GIVEN INFORMATION below:

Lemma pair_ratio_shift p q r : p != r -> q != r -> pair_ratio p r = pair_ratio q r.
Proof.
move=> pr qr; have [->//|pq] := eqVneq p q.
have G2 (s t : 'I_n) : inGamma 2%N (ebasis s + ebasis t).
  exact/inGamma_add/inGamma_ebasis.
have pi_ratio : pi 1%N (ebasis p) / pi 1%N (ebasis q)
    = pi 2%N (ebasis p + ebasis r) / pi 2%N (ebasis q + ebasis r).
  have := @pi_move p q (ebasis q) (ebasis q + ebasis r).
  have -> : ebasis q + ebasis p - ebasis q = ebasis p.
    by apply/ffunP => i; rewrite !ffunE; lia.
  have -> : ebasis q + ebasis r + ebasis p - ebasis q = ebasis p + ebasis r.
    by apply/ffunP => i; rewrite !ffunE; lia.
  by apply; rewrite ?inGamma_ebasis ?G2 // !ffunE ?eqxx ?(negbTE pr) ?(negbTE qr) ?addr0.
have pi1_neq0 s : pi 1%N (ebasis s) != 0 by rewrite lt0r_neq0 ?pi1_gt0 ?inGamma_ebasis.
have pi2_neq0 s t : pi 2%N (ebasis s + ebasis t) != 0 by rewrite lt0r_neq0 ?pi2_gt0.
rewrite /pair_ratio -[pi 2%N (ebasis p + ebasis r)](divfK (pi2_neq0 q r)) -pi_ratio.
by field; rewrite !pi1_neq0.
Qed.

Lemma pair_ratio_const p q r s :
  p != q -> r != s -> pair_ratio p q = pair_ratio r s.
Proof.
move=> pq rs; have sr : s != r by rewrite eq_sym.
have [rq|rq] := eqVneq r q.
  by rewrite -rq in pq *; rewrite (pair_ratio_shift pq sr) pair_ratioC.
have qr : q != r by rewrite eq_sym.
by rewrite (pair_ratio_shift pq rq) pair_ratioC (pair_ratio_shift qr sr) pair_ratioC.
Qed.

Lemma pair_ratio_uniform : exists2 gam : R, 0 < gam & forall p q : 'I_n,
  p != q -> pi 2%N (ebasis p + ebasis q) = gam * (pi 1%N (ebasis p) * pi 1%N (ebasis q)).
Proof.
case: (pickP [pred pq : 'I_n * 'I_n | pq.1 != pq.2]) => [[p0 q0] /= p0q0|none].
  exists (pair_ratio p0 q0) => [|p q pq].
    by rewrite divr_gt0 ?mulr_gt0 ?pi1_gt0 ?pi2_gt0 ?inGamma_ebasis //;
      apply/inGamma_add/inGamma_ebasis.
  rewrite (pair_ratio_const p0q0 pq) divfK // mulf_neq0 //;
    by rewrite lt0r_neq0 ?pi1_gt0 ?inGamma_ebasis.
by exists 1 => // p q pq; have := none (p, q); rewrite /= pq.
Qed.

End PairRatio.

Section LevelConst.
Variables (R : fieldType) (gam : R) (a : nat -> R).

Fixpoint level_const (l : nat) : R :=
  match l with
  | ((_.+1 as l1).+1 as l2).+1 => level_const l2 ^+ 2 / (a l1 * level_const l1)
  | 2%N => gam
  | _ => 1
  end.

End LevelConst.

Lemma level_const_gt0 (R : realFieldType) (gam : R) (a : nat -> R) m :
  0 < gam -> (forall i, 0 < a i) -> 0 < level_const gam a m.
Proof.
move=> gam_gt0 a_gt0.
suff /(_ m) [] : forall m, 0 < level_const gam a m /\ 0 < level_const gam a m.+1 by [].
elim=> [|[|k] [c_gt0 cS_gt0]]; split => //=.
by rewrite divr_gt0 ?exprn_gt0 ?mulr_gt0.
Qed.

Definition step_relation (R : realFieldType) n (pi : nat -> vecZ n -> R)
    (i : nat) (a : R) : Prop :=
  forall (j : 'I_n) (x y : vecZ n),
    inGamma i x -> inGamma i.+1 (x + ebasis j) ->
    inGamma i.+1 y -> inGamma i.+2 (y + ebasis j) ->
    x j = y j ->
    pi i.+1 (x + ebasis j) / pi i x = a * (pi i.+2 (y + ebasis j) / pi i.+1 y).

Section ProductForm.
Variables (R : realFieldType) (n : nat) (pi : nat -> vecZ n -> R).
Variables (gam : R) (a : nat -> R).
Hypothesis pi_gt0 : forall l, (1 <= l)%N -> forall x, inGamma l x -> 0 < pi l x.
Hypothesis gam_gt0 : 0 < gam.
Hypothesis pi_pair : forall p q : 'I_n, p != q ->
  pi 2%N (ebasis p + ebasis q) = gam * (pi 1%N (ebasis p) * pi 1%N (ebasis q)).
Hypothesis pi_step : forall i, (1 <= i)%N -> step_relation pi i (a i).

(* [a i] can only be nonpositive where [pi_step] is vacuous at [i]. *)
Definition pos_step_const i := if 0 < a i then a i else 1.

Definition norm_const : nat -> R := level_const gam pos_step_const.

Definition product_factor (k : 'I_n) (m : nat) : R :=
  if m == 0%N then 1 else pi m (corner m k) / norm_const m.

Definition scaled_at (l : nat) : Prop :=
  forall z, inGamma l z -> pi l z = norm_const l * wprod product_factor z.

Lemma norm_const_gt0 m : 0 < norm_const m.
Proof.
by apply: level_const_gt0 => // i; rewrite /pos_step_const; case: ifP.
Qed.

End of GIVEN INFORMATION.

=== PROBLEM TO WORK ON ===
All lines from the opening of the records through the line where "Variables (R : fieldType)" occurs are to be output verbatim. No other line belongs in the answer.

=== YOUR SOLUTION ===
Lemma pair_ratio_shift p q r : p != r -> q != r -> pair_ratio p r = pair_ratio q r.
Proof.
move=> pr qr; have [->//|pq] := eqVneq p q.
have G2 (s t : 'I_n) : inGamma 2%N (ebasis s + ebasis t).
  exact/inGamma_add/inGamma_ebasis.
have pi_ratio : pi 1%N (ebasis p) / pi 1%N (ebasis q)
    = pi 2%N (ebasis p + ebasis r) / pi 2%N (ebasis q + ebasis r).
  have := @pi_move p q (ebasis q) (ebasis q + ebasis r).
  have -> : ebasis q + ebasis p - ebasis q = ebasis p.
    by apply/ffunP => i; rewrite !ffunE; lia.
  have -> : ebasis q + ebasis r + ebasis p - ebasis q = ebasis p + ebasis r.
    by apply/ffunP => i; rewrite !ffunE; lia.
  by apply; rewrite ?inGamma_ebasis ?G2 // !ffunE ?eqxx ?(negbTE pr) ?(negbTE qr) ?addr0.
have pi1_neq0 s : pi 1%N (ebasis s) != 0 by rewrite lt0r_neq0 ?pi1_gt0 ?inGamma_ebasis.
have pi2_neq0 s t : pi 2%N (ebasis s + ebasis t) != 0 by rewrite lt0r_neq0 ?pi2_gt0.
rewrite /pair_ratio -[pi 2%N (ebasis p + ebasis r)](divfK (pi2_neq0 q r)) -pi_ratio.
by field; rewrite !pi1_neq0.
Qed.

Lemma pair_ratio_const p q r s :
  p != q -> r != s -> pair_ratio p q = pair_ratio r s.
Proof.
move=> pq rs; have sr : s != r by rewrite eq_sym.
have [rq|rq] := eqVneq r q.
  by rewrite -rq in pq *; rewrite (pair_ratio_shift pq sr) pair_ratioC.
have qr : q != r by rewrite eq_sym.
by rewrite (pair_ratio_shift pq rq) pair_ratioC (pair_ratio_shift qr sr) pair_ratioC.
Qed.

Lemma pair_ratio_uniform : exists2 gam : R, 0 < gam & forall p q : 'I_n,
  p != q -> pi 2%N (ebasis p + ebasis q) = gam * (pi 1%N (ebasis p) * pi 1%N (ebasis q)).
Proof.
case: (pickP [pred pq : 'I_n * 'I_n | pq.1 != pq.2]) => [[p0 q0] /= p0q0|none].
  exists (pair_ratio p0 q0) => [|p q pq].
    by rewrite divr_gt0 ?mulr_gt0 ?pi1_gt0 ?pi2_gt0 ?inGamma_ebasis //;
      apply/inGamma_add/inGamma_ebasis.
  rewrite (pair_ratio_const p0q0 pq) divfK // mulf_neq0 //;
    by rewrite lt0r_neq0 ?pi1_gt0 ?inGamma_ebasis.
by exists 1 => // p q pq; have := none (p, q); rewrite /= pq.
Qed.

End PairRatio.

Section LevelConst.
Variables (R : fieldType) (gam : R) (a : nat -> R).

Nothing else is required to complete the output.